Zimbabwe’s Mbare agricultural market in Harare, the biggest local market in the country’s capital city, opens at 5 a.m. and bustles. Between morning and noon, traders arrive from different parts of the country with more than 100 varieties of vegetables and fruits that need to be sorted for redistribution to other trading markets. In Mbare, prices are decided early in the morning by traders who compare volumes and types of products day by day, depending on the season and climate. Calls, shouts, haggling fill the air. Eye rolls ensue. Prices can change every day.
Charles Dhewa, chief executive officer of Knowledge Transfer Africa (KTA), a rural and agricultural development organization, buys his food from Mbare market. One of the strengths of these local African markets is the large volume and diversity of food they can sell, Dhewa said. Whereas other supermarkets in Harare, for instance, supply only 10 tons of potatoes a day, Mbare market supplies more than 800 tons.
“The more food that comes in, the more people can get nutrition,” he said. “When there’s more food, the prices are also managed, which means low-income people can also afford the food.”
As international agencies around the world continue to sound an alarm over surges in food insecurity, a new report published July 2 says that investing in these “territorial markets” — already embedded in Africa’s cultural fabric — is a solution. These markets can increase self-sufficiency, food security and climate resilience as extreme hunger and malnutrition affect millions, the authors told Mongabay.
For example, Zimbabwe is currently experiencing its worst drought in decades, impacting grain harvests across the country. Already, Russia’s invasion of Ukraine and the impacts on production and imports have increased the prices of certain products. According to Dhewa, in response, farmers in Zimbabwe began to grow more resilient indigenous grains, such as millet, which they could then sell in territorial markets.
Territorial markets tend to be closer to home, are largely or fully outside of corporate chains and mainly involve smallholders and other small-scale actors, such as traders, transporters and processors. Everyone in the community can participate in these markets, including farmers across different income levels, backgrounds and ages. Female sellers are also the common, de facto, feature. “By accommodating many farmers and many grades, farmers are able to earn an income and go back and produce,” Dhewa said.

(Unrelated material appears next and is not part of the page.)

(* Let $0<\alpha\le2$, $j\ne0$, $V\in C^2(\mathbb{T})$, and $G(x)=p_0+\sum_{k=1}^{n}p_k\cos(2\pi kx)+\sum_{k=1}^nq_k\sin(2\pi kx)$ with $p_k^2+q_k^2>0$ for $1\le k\le n$. If $(m,\overline{H})\in C(\mathbb{T})\times\mathbb{R}$ solves problem (P), then there is $(a_0,\dots,a_n,b_1,\dots,b_n)\in\mathcal{C}$ solving the system (S) such that $$m(x)=\frac{c_j}{\left(a_0+\sum_{k=1}^{n}a_k\cos(2\pi kx)+b_k\sin(2\pi kx)-V(x)\right)^{1/\alpha}},\qquad \overline{H}=a_0-p_0.\tag{$*$}$$ Conversely, if $(a_0,\dots,a_n,b_1,\dots,b_n)\in\mathcal{C}$ solves (S), then $(m,\overline{H})$ defined by $( * )$ solves problem (P).
   Context: $\mathbb{T}=\mathbb{R}/\mathbb{Z}$. Problem (P): find $(m,\overline{H})\in C(\mathbb{T})\times\mathbb{R}$ with $m>0$, $\int_{\mathbb{T}}m=1$, and $\frac{j^2}{2m(x)^\alpha}+V(x)=\int_{\mathbb{T}}G(x-y)m(y)\,dy+\overline{H}$ for all $x$. Set $c_j=(j^2/2)^{1/\alpha}$; $\phi_\alpha(t)=\frac{c_j\alpha}{\alpha-1}t^{(\alpha-1)/\alpha}$ if $\alpha\ne1$, $\phi_\alpha(t)=c_j\ln t$ if $\alpha=1$ ($t>0$). $\mathcal{C}\subset\mathbb{R}^{2n+1}$ is the set of $(a_0,\dots,a_n,b_1,\dots,b_n)$ with $a_0+\sum_{k=1}^n(a_k\cos(2\pi kx)+b_k\sin(2\pi kx))-V(x)>0$ for all $x\in\mathbb{T}$; on $\mathcal{C}$, $\Phi_\alpha(a_0,\dots,b_n)=\int_{\mathbb{T}}\phi_\alpha\big(a_0+\sum_{k=1}^n(a_k\cos(2\pi ky)+b_k\sin(2\pi ky))-V(y)\big)\,dy$. System (S): $\partial\Phi_\alpha/\partial a_0=1$, $\partial\Phi_\alpha/\partial a_k=\frac{p_ka_k+q_kb_k}{p_k^2+q_k^2}$, $\partial\Phi_\alpha/\partial b_k=\frac{p_kb_k-q_ka_k}{p_k^2+q_k^2}$ for $1\le k\le n$. *)

From Stdlib Require Import Reals Lra ClassicalEpsilon.
Open Scope R_scope.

According to the report, published by the Belgium-based International Panel of Experts on Sustainable Food Systems (IPES-Food), the global food system has been unable to deal with disruptions caused by unusual and extreme weather conditions, the COVID-19 pandemic and the Ukraine war. While territorial markets are also affected by climate change, their highly adaptative nature allows them to continue distributing food to communities, or by sourcing food from farmers in unaffected regions.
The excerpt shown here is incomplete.